CPB will convene two meetings about spectrum over the next two months, working to craft guidelines for public TV stations to use in deciding whether to participate in the upcoming auction, as well as exploring wider policy and technology issues.
Broadcasters face several options as the FCC works to clear bandwidth for the growing number of wireless devices. A station can sell all its spectrum and get out of broadcasting completely, sell part of it and share a channel with another broadcaster, or opt out of the auction altogether. The auction is set for mid-2015.
CPB is approaching spectrum issues in a “very measured” way, CPB President Pat Harrison told the board at its April 8 meeting in Washington, D.C. “We’re hearing that stations need more spectrum, not less,” for public-service oriented projects.
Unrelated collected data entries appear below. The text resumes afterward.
Definition past_gen (R : realType) (d : measure_display)
    (Omega : measurableType d) (K : nat) (V : Omega -> R)
    (X : 'I_K -> nat -> Omega -> R) (pi : nat -> Omega -> 'I_K) (t : nat)
  : set (set Omega) :=
  [set A | (exists B : set R, measurable B /\ A = V @^-1` B)
        \/ (exists s, (s < t)%N /\ exists B : set 'I_K, A = pi s @^-1` B)
        \/ (exists s, (s < t)%N /\ exists B : set R,
                measurable B /\ A = Xpi X pi s @^-1` B)].

(* admissible policy: each action is a measurable function of V and of the
   past actions and rewards, i.e. it is measurable w.r.t. the generated
   sigma-algebra *)
Definition admissible (R : realType) (d : measure_display)
    (Omega : measurableType d) (K : nat) (V : Omega -> R)
    (X : 'I_K -> nat -> Omega -> R) (pi : nat -> Omega -> 'I_K) : Prop :=
  forall (t : nat) (i : 'I_K), <<s past_gen V X pi t >> (pi t @^-1` [set i]).

Definition Ftilde (R : realType) (Omega : Type) (K : nat)
    (F : 'I_K -> R -> R) (pi : nat -> Omega -> 'I_K) (T : nat) (w : Omega)
  : R -> R := Fmix F (fun i => (tau pi i T w)%:R / T%:R).

From HB Require Import structures.
From mathcomp Require Import all_boot all_order all_algebra.
From mathcomp Require Import all_classical all_reals all_analysis.
From mathcomp Require Import measurable_realfun ring lra.
Set Implicit Arguments. Unset Strict Implicit. Unset Printing Implicit Defensive.
Import Order.TTheory GRing.Theory Num.Theory.
Local Open Scope classical_set_scope.
Local Open Scope ring_scope.

(* By quasiconvexity, U on the mixtures F_p is bounded by its
   largest value at a vertex, which is U(F^(i* )). Hence, for every outcome,
   0 <= U(F_p* ) - U(~F) <= U(F^(i* )) - U(~F) <= b (D + D^q) by stability,
   where D = ||F^(i* ) - ~F||. As ~F is the mixture with weights tau_i(T)/T,
   the triangle inequality gives D <= (1/T) sum_i tau_i(T) ||F^(i* ) - F^(i)||,
   and D^(q-1) is at most the largest (q-1)-th power of a distance between
   arms. The bound thus holds pathwise, and integrating it only needs the pull
   counts to be measurable, which follows from admissibility. *)
Section FunctionSpace.
Variables (R : realType) (Lsp : set (R -> R)) (N : (R -> R) -> R).
Hypothesis BS : banach_fun_space Lsp N.

Lemma fun_space0 : Lsp (fun _ => 0).
Proof. by case: BS. Qed.

Lemma fun_spaceD f g : Lsp f -> Lsp g -> Lsp (fun y => f y + g y).
Proof. by case: BS => _ + _ _ _; apply. Qed.

Lemma fun_spaceZ c f : Lsp f -> Lsp (fun y => c * f y).
Proof. by case: BS => _ _ + _ _; apply. Qed.

Lemma fun_space_sub f g : Lsp f -> Lsp g -> Lsp (fsub f g).
Proof.
move=> Lf Lg; have := fun_spaceD Lf (fun_spaceZ (-1) Lg).
by congr Lsp; apply/funext => y; rewrite /fsub mulN1r.
Qed.

Lemma norm_fun_ge0 f : Lsp f -> 0 <= N f.
Proof. by case: BS => _ _ _ _ [+ _ _ _ _]; apply. Qed.

Lemma norm_funZ c f : Lsp f -> N (fun y => c * f y) = `|c| * N f.
Proof. by case: BS => _ _ _ _ [_ _ + _ _]; apply. Qed.

Lemma norm_funD f g : Lsp f -> Lsp g -> N (fun y => f y + g y) <= N f + N g.
Proof. by case: BS => _ _ _ _ [_ _ _ + _]; apply. Qed.

Lemma norm_fun0 : N (fun _ => 0) = 0.
Proof. by have := norm_funZ 0 fun_space0; rewrite normr0 !mul0r. Qed.

Variables (I : Type) (c : I -> R) (f : I -> R -> R).
Hypothesis Lf : forall i, Lsp (f i).

Lemma fun_space_lincomb r : Lsp (fun y => \sum_(i <- r) c i * f i y).
Proof.
elim: r => [|a r IH].
  by under eq_fun do rewrite big_nil; exact: fun_space0.
under eq_fun do rewrite big_cons.
exact: fun_spaceD (fun_spaceZ _ (Lf a)) IH.
Qed.

Lemma norm_lincomb_le r :
  N (fun y => \sum_(i <- r) c i * f i y) <= \sum_(i <- r) `|c i| * N (f i).
Proof.
elim: r => [|a r IH].
  by under eq_fun do rewrite big_nil; rewrite big_nil norm_fun0.
under eq_fun do rewrite big_cons.
rewrite big_cons; apply: le_trans (norm_funD (fun_spaceZ _ (Lf a))
  (fun_space_lincomb r)) _.
by rewrite norm_funZ // lerD2l.
Qed.

End FunctionSpace.

Section Simplex.
Variables (R : realType) (K : nat).
Implicit Types (p : 'I_K -> R) (F : 'I_K -> R -> R).

Lemma in_simplex_le1 p j : in_simplex p -> p j <= 1.
Proof.
case=> p0 <-; rewrite (bigD1 j) //= lerDl.
by apply: sumr_ge0 => i _; exact: p0.
Qed.

Lemma in_simplex_delta j : in_simplex (fun i : 'I_K => (i == j)%:R : R).
Proof.
split=> [i|]; first by rewrite ler0n.
by rewrite (bigD1 j) //= eqxx big1 ?addr0 // => i /negbTE ->.
Qed.

Lemma Fmix_delta F j : Fmix F (fun i => (i == j)%:R) = F j.
Proof.
apply/funext => y; rewrite /Fmix (bigD1 j) //= eqxx mul1r big1 ?addr0 //.
by move=> i /negbTE ->; rewrite mul0r.
Qed.

Lemma DDelta_vertex F j : DDelta F (F j).
Proof.
exists (fun i => (i == j)%:R); rewrite Fmix_delta; split=> //.
exact: in_simplex_delta.
Qed.

Lemma Fmix_vertex F p j : in_simplex p -> p j = 1 -> Fmix F p = F j.
Proof.
case=> p0 p1 pj1; have : \sum_(i | i != j) p i = 0.
  by move: p1; rewrite (bigD1 j) //= pj1; lra.
move=> /psumr_eq0P p_eq0; apply/funext => y.
rewrite /Fmix (bigD1 j) //= pj1 mul1r big1 ?addr0 // => i ij.
by rewrite p_eq0 ?mul0r // => k _; exact: p0.
Qed.

Definition simplex_remove p j : 'I_K -> R :=
  fun i => if i == j then 0 else p i / (1 - p j).

Lemma in_simplex_remove p j : in_simplex p -> p j != 1 ->
  in_simplex (simplex_remove p j).
Proof.
move=> sp pj1; have [p0 p1] := sp; have pj_le1 := in_simplex_le1 j sp.
have pj_lt1 : 0 < 1 - p j by rewrite subr_gt0 lt_neqAle pj1.
split=> [i|].
  by rewrite /simplex_remove; case: eqP => // _; rewrite divr_ge0 // ltW.
rewrite (bigD1 j) //= /simplex_remove eqxx add0r.
rewrite (eq_bigr (fun i => p i / (1 - p j))); last by move=> i /negbTE ->.
rewrite -mulr_suml; have -> : \sum_(i | i != j) p i = 1 - p j.
  by move: p1; rewrite (bigD1 j) //= => <-; rewrite addrC addrK.
by rewrite divff // gt_eqF.
Qed.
CPB wants to be sure that “that all stations have all the information they need” to make their decision, she said.
So CPB will gather 15 pubcasting g.m.’s April 22 and 23 to “reach an agreement on guiding principles” that public television executives can use to decide whether to participate in the auction, said Michael Levy, CPB e.v.p. That document will be presented to the CPB Board’s spectrum committee at its next meeting, April 24.
“No matter what stations decide to do,” Harrison said, “they need these guiding principles. This goes back to the mission of public media. We’re not commercial, so different issues apply.”
Then, on June 2, former Association of Public Television Stations President John Lawson, who recently penned a Current piece on public-service use of spectrum, will moderate a meeting including technology and policy analysts. “It’ll be in a seminar format, to allow us to hear from a variety of people at the center of this issue,” said Brent Nelson, head of the CPB board’s spectrum committee, which is working on a draft agenda.
Meanwhile, CPB COO Vinnie Curren and Levy met with FCC officials March 31 for a spectrum briefing that “covered a number of topics,” Levy told the board. In response to that meeting, leaders of the so-called G4 — CPB, PBS, NPR and APTS — will meet within the next week to 10 days, Curren said, to “make sure we’re all pulling on the oars in same direction.”
CPB is also getting ready to release a Booz & Co. policy paper on how spectrum auctions might affect the public broadcasting system. The board got a preview of that report at its December meeting.